Start of DATA FOR THIS TASK

Lemma max_matching_disj A B : A \in M -> B \in M -> A != B -> [disjoint A & B].
Proof. by case: Mmax => -[_ disjM] _; exact: disjM. Qed.

Lemma max_matching_eq A B v : A \in M -> B \in M -> v \in A -> v \in B -> A = B.
Proof.
move=> AM BM vA vB; apply/eqP; apply: contraT => AB.
by move/disjointP: (max_matching_disj AM BM AB) => /(_ v vA vB).
Qed.

Lemma mem_XN N A v : A \in N -> v \in A -> v \in XN N.
Proof. by move=> AN vA; apply/bigcupP; exists A. Qed.

Lemma uniform3_not_disjoint_self D : D \in F -> ~~ [disjoint D & D].
Proof.
move=> DF; have /card_gt0P[v vD] : 0 < #|D| by rewrite F3.
by apply/negP=> /disjointP/(_ v vD vD).
Qed.

Lemma max_matching_exchange Q N : Q \subset M -> matching F N ->
  (forall D B, D \in N -> B \in M :\: Q -> [disjoint D & B]) -> #|N| <= #|Q|.
Proof.
move=> QM [NF Ndisj] NMQ.
have MQN : [disjoint M :\: Q & N].
  apply/disjointP=> X XMQ XN.
  by have := uniform3_not_disjoint_self (subsetP NF _ XN); rewrite NMQ.
have : matching F ((M :\: Q) :|: N).
  split=> [|A B].
    by rewrite subUset (subset_trans (subsetDl _ _) max_matching_sub).
  rewrite !inE => /orP[/andP[AQ AM]|AN] /orP[/andP[BQ BM]|BN] AB.
  - exact: max_matching_disj.
  - by rewrite disjoint_sym; apply: NMQ; rewrite ?inE ?AQ.
  - by apply: NMQ; rewrite ?inE ?BQ.
  - exact: Ndisj.
move/(Mmax.2); rewrite cardsU (disjoint_setI0 MQN) cards0 subn0 cardsD.
by rewrite (setIidPr QM); have := subset_leq_card QM; lia.
Qed.
Ltac rum_eval := rewrite /window_word -?catA ?cat_cons -?catA; repeat rum_step; rewrite /=;
  repeat case: ifP => ?; first [done | congr Some; lia | lia].

Hypothesis c_a : c <= a.

Lemma window_tab_ssyt y z e : sorted geq l -> size l <= n ->
  p < y <= z -> z <= p.+3 -> y < e -> p.+2 <= e <= p.+4 ->
  is_ssyt n l (window_tab y z e).
Proof.
move=> l_sorted l_n y_z z_p y_e e_p.
apply: tab_of_ssyt => // [r j _ _ | r j r_l _ | r j _].
1,2: by rewrite /window_entry /piece; do ![case: ifP => ?]; lia.
have [->|r_p] := eqVneq r p; [rewrite l_p1 | have [->|r_p1] := eqVneq r p.+1; [rewrite l_p2|]].
all: by move=> j_lt; rewrite /window_entry /piece; do ![case: ifP => ?]; lia.
Qed.

Hypothesis d_gt0 : 0 < d.

Lemma window_moves :
  [/\ F_op2 p.+1 p.+2 (window_tab p.+1 p.+2 p.+3) = Some (window_tab p.+2 p.+3 p.+3),
      F_op2 p.+3 p.+2 (window_tab p.+1 p.+2 p.+3) = Some (window_tab p.+1 p.+3 p.+4),
      F_op2 p.+2 p.+1 (window_tab p.+1 p.+3 p.+2) = Some (window_tab p.+2 p.+3 p.+3),
      F_op2 p.+2 p.+3 (window_tab p.+1 p.+3 p.+2) = Some (window_tab p.+1 p.+3 p.+4) &
      F_op p.+2 (window_tab p.+1 p.+2 p.+3) = None].
Proof.
split; rewrite /F_op2.
- rewrite F_op_window_y /= ?F_op_window_z //; try lia; rum_eval.
- rewrite F_op_window_e /= ?F_op_window_z //; try lia; rum_eval.
- rewrite F_op_window_e /= ?F_op_window_y //; try lia; rum_eval.
- rewrite F_op_window_e /= ?F_op_window_e //; try lia; rum_eval.
- rewrite F_op_window_None //; try lia; rum_eval.
Qed.

End Window.

Theorem lemma5p6 (lambda : seq nat) (n : nat) :
  is_partition lambda ->
  size lambda <= n ->
  (exists p, [/\ p.+2 < size lambda,
                 nth 0 lambda p.+1 <= nth 0 lambda p &
                 (nth 0 lambda p.+2).+2 <= nth 0 lambda p.+1]) ->
  ~ B_poset_is_lattice n lambda.
Proof.
move=> /andP[l_sorted _] l_n [p [p_l l_p1 l_p2]].
have l_p : nth 0 lambda p = (nth 0 lambda p - 2).+2 by lia.
have l_p1' : nth 0 lambda p.+1 =
    nth 0 lambda p.+2 + (nth 0 lambda p.+1 - nth 0 lambda p.+2 - 1).+1 by lia.
have c_a : nth 0 lambda p.+2 <= nth 0 lambda p - 2 by lia.
have d_gt0 : 0 < nth 0 lambda p.+1 - nth 0 lambda p.+2 - 1 by lia.
have [xz2 xz1 yz2 yz1 xN] := window_moves p_l l_p l_p1' (erefl _) c_a d_gt0.
apply: (two_squares_not_lattice _ _ _ _ _ _ xz2 xz1 yz2 yz1 xN); try lia.
all: by apply: (window_tab_ssyt p_l l_p l_p1' _ c_a) => //; lia.
Qed.
Lemma cont01_upward_crossings_pos g x y : cont01 g ->
  (forall x0, in01 x0 -> g x0 = 0 -> crosses_upward g x0) ->
  in01 x -> in01 y -> x < y -> 0 <= g x -> 0 < g y.
Proof.
  intros Hg Hup Hx Hy Hxy Hgx; unfold in01 in Hx, Hy.
  apply Rnot_le_lt; intro Hgy.
  assert (Hb : exists b, x < b <= y /\ g b < 0).
  { destruct Hgy as [Hgy | Hgy]; [exists y; split; lra|].
    destruct (crosses_upward_neg_before g x y) as [b [Hb Hgb]]; try lra.
    - apply Hup; [unfold in01; lra | exact Hgy].
    - exists b; split; lra. }
  destruct Hb as [b [Hb Hgb]].
  destruct (cont01_last_zero g x b Hg) as [m [Hm [Hgm Hlast]]]; try lra.
  { apply (ivt01 g x b 0 Hg); try lra; nra. }
  assert (Hmb : m < b) by (destruct (proj2 Hm) as [|Heq]; [assumption | rewrite Heq in Hgm; lra]).
  destruct (crosses_upward_pos_after g m b) as [u [Hu Hgu]]; try lra.
  { apply Hup; [unfold in01; lra | exact Hgm]. }
  destruct (ivt01 g u b 0 Hg) as [t [Ht Hgt]]; try lra; [nra|].
  specialize (Hlast t ltac:(lra) Hgt); lra.
Qed.

Lemma deriv01_crosses_upward W W' x0 : deriv01 W W' -> in01 x0 -> W x0 = 0 -> W' x0 <> 0 ->
  crosses_upward (fun u => W u * W' x0) x0.
Proof.
  intros HW Hx0 HWx0 Ha.
  set (a := W' x0) in *.
  destruct (HW x0 Hx0 (Rabs a / 2)) as [d [Hd Hlin]]; [apply Rabs_pos_lt in Ha; lra|].
  exists d; split; [exact Hd|]; intros u Hu Hud Hux.
  specialize (Hlin u Hu Hud); rewrite HWx0 in Hlin; fold a in Hlin.
  set (e := W u - 0 - a * (u - x0)) in Hlin.
  set (q := a * (u - x0)).
  assert (Hq : 0 < q * q) by (apply Rsqr_pos_lt; apply Rmult_integral_contrapositive; split; lra).
  assert (Hqq : Rabs q * Rabs q = q * q)
    by (rewrite <- Rabs_mult; apply Rabs_pos_eq; lra).
  assert (Heq : Rabs (e * q) <= q * q / 2).
  { assert (Rabs e <= Rabs q / 2) by (unfold q; rewrite Rabs_mult; lra).
    rewrite Rabs_mult; pose proof (Rabs_pos q); nra. }
  pose proof (Rle_abs (- (e * q))) as Hlow; rewrite Rabs_Ropp in Hlow.
  replace (W u * a * (u - x0)) with (q * q + e * q) by (unfold e, q; ring).
  lra.
Qed.

Lemma sin_pos_small d : - PI < d -> 0 < sin d -> 0 < d.
Proof.
  intros Hd Hs; apply Rnot_le_lt; intros [Hneg | Hzero].
  - pose proof (sin_lt_0_var d Hd Hneg); lra.
  - rewrite Hzero, sin_0 in Hs; lra.
Qed.

Lemma sin_mul_pos_small d h : Rabs d < PI -> 0 < sin d * h -> 0 < d * h.
Proof.
  intros Hd Hsh; apply Rabs_def2 in Hd.
  destruct (Rtotal_order h 0) as [Hh | [Hh | Hh]]; [| rewrite Hh in Hsh; lra |].
  - assert (Hs : 0 < sin (- d)) by (rewrite sin_neg; nra).
    pose proof (sin_pos_small (- d) ltac:(lra) Hs); nra.
  - assert (Hs : 0 < sin d) by nra.
    pose proof (sin_pos_small d ltac:(lra) Hs); nra.
Qed.

Lemma cos_nat_PI_sub_PI2 i : cos (INR i * PI - PI / 2) = 0.
Proof.
  apply cos_eq_0_1; exists (Z.of_nat i - 1)%Z.
  rewrite minus_IZR, <- INR_IZR_INZ; field.
Qed.

Lemma cos_nat_PI_mul_succ i : cos (INR i * PI) * cos (INR (S i) * PI) = -1.
Proof.
  assert (Hsin : sin (INR i * PI) = 0) by (apply sin_eq_0_1; exists (Z.of_nat i); rewrite <- INR_IZR_INZ; reflexivity).
  pose proof (sin2_cos2 (INR i * PI)) as Hpyth; rewrite Hsin in Hpyth; unfold Rsqr in Hpyth.
  rewrite S_INR, Rmult_plus_distr_r, Rmult_1_l, neg_cos; lra.
Qed.

Lemma cos_eq_0_ge_succ c i : cos c = 0 -> INR i * PI - PI / 2 < c -> INR i * PI + PI / 2 <= c.
Proof.
  intros Hc Hlt; destruct (cos_eq_0_0 c Hc) as [k ->].
  pose proof PI_RGT_0.
  assert (Hk : IZR (Z.of_nat i) < IZR (k + 1)).
  { rewrite <- INR_IZR_INZ, plus_IZR.
    apply (Rmult_lt_reg_r PI); [lra|]. rewrite Rmult_plus_distr_r, Rmult_1_l; lra. }
  apply lt_IZR in Hk; assert (Hki : (Z.of_nat i <= k)%Z) by lia.
  apply IZR_le in Hki; rewrite <- INR_IZR_INZ in Hki.
  apply Rplus_le_compat_r, Rmult_le_compat_r; lra.
Qed.

Lemma sin_eq_0_nat x : sin x = 0 -> - PI < x -> exists n : nat, x = INR n * PI.
Proof.
  intros Hs Hx; destruct (sin_eq_0_0 x Hs) as [k ->].
  pose proof PI_RGT_0.
  assert (Hk : IZR (-1) < IZR k).
  { apply (Rmult_lt_reg_r PI); lra. }
  apply lt_IZR in Hk.
  exists (Z.to_nat k); rewrite INR_IZR_INZ, Znat.Z2Nat.id by lia; reflexivity.
Qed.

Section Pruefer.

Variables theta W W' P : R -> R.
Hypothesis theta_cont : cont01 theta.
Hypothesis W_deriv : deriv01 W W'.
Hypothesis P_pos : forall x, in01 x -> 0 < P x.
Hypothesis W_polar : forall x, in01 x -> W x = P x * cos (theta x).
Hypothesis W'_polar : forall x, in01 x -> W' x = - (P x * sin (theta x)).

Lemma pruefer_zero_cos x : in01 x -> W x = 0 -> cos (theta x) = 0.
Proof.
  intros Hx HWx; rewrite W_polar in HWx by exact Hx.
  pose proof (P_pos x Hx); apply (Rmult_eq_reg_l (P x)); lra.
Qed.

Lemma pruefer_crosses_upward x0 : in01 x0 -> cos (theta x0) = 0 ->
  crosses_upward (fun u => theta u - theta x0) x0.
Proof.
  intros Hx0 Hcos.
  assert (Hsin2 : sin (theta x0) * sin (theta x0) = 1)
    by (pose proof (sin2_cos2 (theta x0)) as Hp; unfold Rsqr in Hp; rewrite Hcos in Hp; lra).
  assert (HW'0 : W' x0 <> 0).
  { rewrite W'_polar by exact Hx0; pose proof (P_pos x0 Hx0); intro Hz.
    assert (P x0 * P x0 * (sin (theta x0) * sin (theta x0)) = 0) by nra. nra. }
  destruct (deriv01_crosses_upward W W' x0 W_deriv Hx0) as [d1 [Hd1 HW]];
    [rewrite W_polar, Hcos by exact Hx0; ring | exact HW'0 |].
  destruct (theta_cont x0 Hx0 PI) as [d2 [Hd2 Hth]]; [exact PI_RGT_0|].
  exists (Rmin d1 d2); split; [apply Rmin_pos; assumption|]; intros u Hu Hud Hux.
  specialize (HW u Hu (Rlt_le_trans _ _ _ Hud (Rmin_l _ _)) Hux); simpl in HW.
  specialize (Hth u Hu (Rlt_le_trans _ _ _ Hud (Rmin_r _ _))).
  assert (Hprod : W u * W' x0 = P u * P x0 * sin (theta u - theta x0)).
  { rewrite W_polar, W'_polar by assumption.
    replace (theta u) with (theta x0 + (theta u - theta x0)) at 1 by ring.
    rewrite cos_plus, Hcos.
    transitivity (P u * P x0 * sin (theta u - theta x0) * (sin (theta x0) * sin (theta x0))); [ring|].
    rewrite Hsin2; ring. }
  rewrite Hprod in HW.
  pose proof (Rmult_lt_0_compat _ _ (P_pos u Hu) (P_pos x0 Hx0)) as HPP.
  apply (sin_mul_pos_small _ _ Hth).
  apply (Rmult_lt_reg_l (P u * P x0)); [exact HPP|]; lra.
Qed.

Lemma pruefer_angle_passes c x y : cos c = 0 -> in01 x -> in01 y -> x < y ->
  c <= theta x -> c < theta y.
Proof.
  intros Hc Hx Hy Hxy Hcx.
  apply Rlt_0_minus, (cont01_upward_crossings_pos (fun t => theta t - c) x y); trivial.
  - intros t Ht eps Heps; destruct (theta_cont t Ht eps Heps) as [d [Hd Hclose]].
    exists d; split; [exact Hd|]; intros u Hu Hut.
    replace (theta u - c - (theta t - c)) with (theta u - theta t) by ring; auto.
  - intros x0 Hx0 Hzero; replace c with (theta x0) by lra.
    apply pruefer_crosses_upward; [exact Hx0 | replace (theta x0) with c by lra; exact Hc].
  - lra.
Qed.

Lemma pruefer_angle_lt_mono c x y : cos c = 0 -> in01 x -> in01 y -> x <= y ->
  c < theta x -> c < theta y.
Proof.
  intros Hc Hx Hy [Hxy | <-] Hcx; [|exact Hcx].
  apply (pruefer_angle_passes c x y); trivial; lra.
Qed.

Lemma pruefer_end_angle : theta 0 = 0 -> W' 1 = 0 -> exists n : nat, theta 1 = INR n * PI.
Proof.
  intros Htheta0 HW'1.
  assert (H01 : in01 0) by (unfold in01; lra).
  assert (H11 : in01 1) by (unfold in01; lra).
  apply sin_eq_0_nat.
  - rewrite W'_polar in HW'1 by exact H11; pose proof (P_pos 1 H11).
    apply (Rmult_eq_reg_l (P 1)); lra.
  - assert (Hc : cos (- (PI / 2)) = 0) by (rewrite cos_neg; apply cos_PI2).
    pose proof (pruefer_angle_passes _ 0 1 Hc H01 H11 Rlt_0_1) as Hpass.
    pose proof PI_RGT_0; lra.
Qed.

Lemma pruefer_sign_changes_ge n : theta 0 = 0 -> theta 1 = INR n * PI -> sign_changes_ge W n.
Proof.
  intros Htheta0 Htheta1.
  pose proof PI_RGT_0 as HPI.
  assert (Hattain : forall i, exists s, (i <= n)%nat -> in01 s /\ theta s = INR i * PI).
  { intro i; destruct (Compare_dec.le_lt_dec i n) as [Hin | Hni]; [| exists 0; lia].
    destruct (ivt01 theta 0 1 (INR i * PI) theta_cont) as [s [Hs Hths]]; try lra.
    - rewrite Htheta0, Htheta1, Rminus_0_l.
      assert (INR i * PI <= INR n * PI) by (apply Rmult_le_compat_r, le_INR; lra || lia).
      assert (0 <= INR i * PI) by (apply Rmult_le_pos; [apply pos_INR | lra]).
      nra.
    - exists s; intros _; split; [exact Hs | exact Hths]. }
  destruct (functional_choice _ Hattain) as [s Hs].
  exists s; split; [intros i Hi; apply Hs, Hi|]; intros i Hi.
  destruct (Hs i ltac:(lia)) as [Hsi Hthi]; destruct (Hs (S i) Hi) as [HsSi HthSi].
  split.
  - apply Rnot_le_lt; intro Hle.
    pose proof (pruefer_angle_lt_mono _ _ _ (cos_nat_PI_sub_PI2 (S i)) HsSi Hsi Hle) as Hmono.
    rewrite Hthi, HthSi, S_INR in Hmono; lra.
  - rewrite !W_polar, Hthi, HthSi by assumption.
    replace (P (s i) * cos (INR i * PI) * (P (s (S i)) * cos (INR (S i) * PI)))
      with (P (s i) * P (s (S i)) * (cos (INR i * PI) * cos (INR (S i) * PI))) by ring.
    rewrite cos_nat_PI_mul_succ.
    pose proof (Rmult_lt_0_compat _ _ (P_pos _ Hsi) (P_pos _ HsSi)); lra.
Qed.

End of DATA FOR THIS TASK

(ASSIGNMENT): The result consists of the line with "assert (Hattain : forall" through the last line of the entries above, repeated exactly and with nothing else.

(ANSWER BOX):
  assert (Hattain : forall i, exists s, (i <= n)%nat -> in01 s /\ theta s = INR i * PI).
  { intro i; destruct (Compare_dec.le_lt_dec i n) as [Hin | Hni]; [| exists 0; lia].
    destruct (ivt01 theta 0 1 (INR i * PI) theta_cont) as [s [Hs Hths]]; try lra.
    - rewrite Htheta0, Htheta1, Rminus_0_l.
      assert (INR i * PI <= INR n * PI) by (apply Rmult_le_compat_r, le_INR; lra || lia).
      assert (0 <= INR i * PI) by (apply Rmult_le_pos; [apply pos_INR | lra]).
      nra.
    - exists s; intros _; split; [exact Hs | exact Hths]. }
  destruct (functional_choice _ Hattain) as [s Hs].
  exists s; split; [intros i Hi; apply Hs, Hi|]; intros i Hi.
  destruct (Hs i ltac:(lia)) as [Hsi Hthi]; destruct (Hs (S i) Hi) as [HsSi HthSi].
  split.
  - apply Rnot_le_lt; intro Hle.
    pose proof (pruefer_angle_lt_mono _ _ _ (cos_nat_PI_sub_PI2 (S i)) HsSi Hsi Hle) as Hmono.
    rewrite Hthi, HthSi, S_INR in Hmono; lra.
  - rewrite !W_polar, Hthi, HthSi by assumption.
    replace (P (s i) * cos (INR i * PI) * (P (s (S i)) * cos (INR (S i) * PI)))
      with (P (s i) * P (s (S i)) * (cos (INR i * PI) * cos (INR (S i) * PI))) by ring.
    rewrite cos_nat_PI_mul_succ.
    pose proof (Rmult_lt_0_compat _ _ (P_pos _ Hsi) (P_pos _ HsSi)); lra.
Qed.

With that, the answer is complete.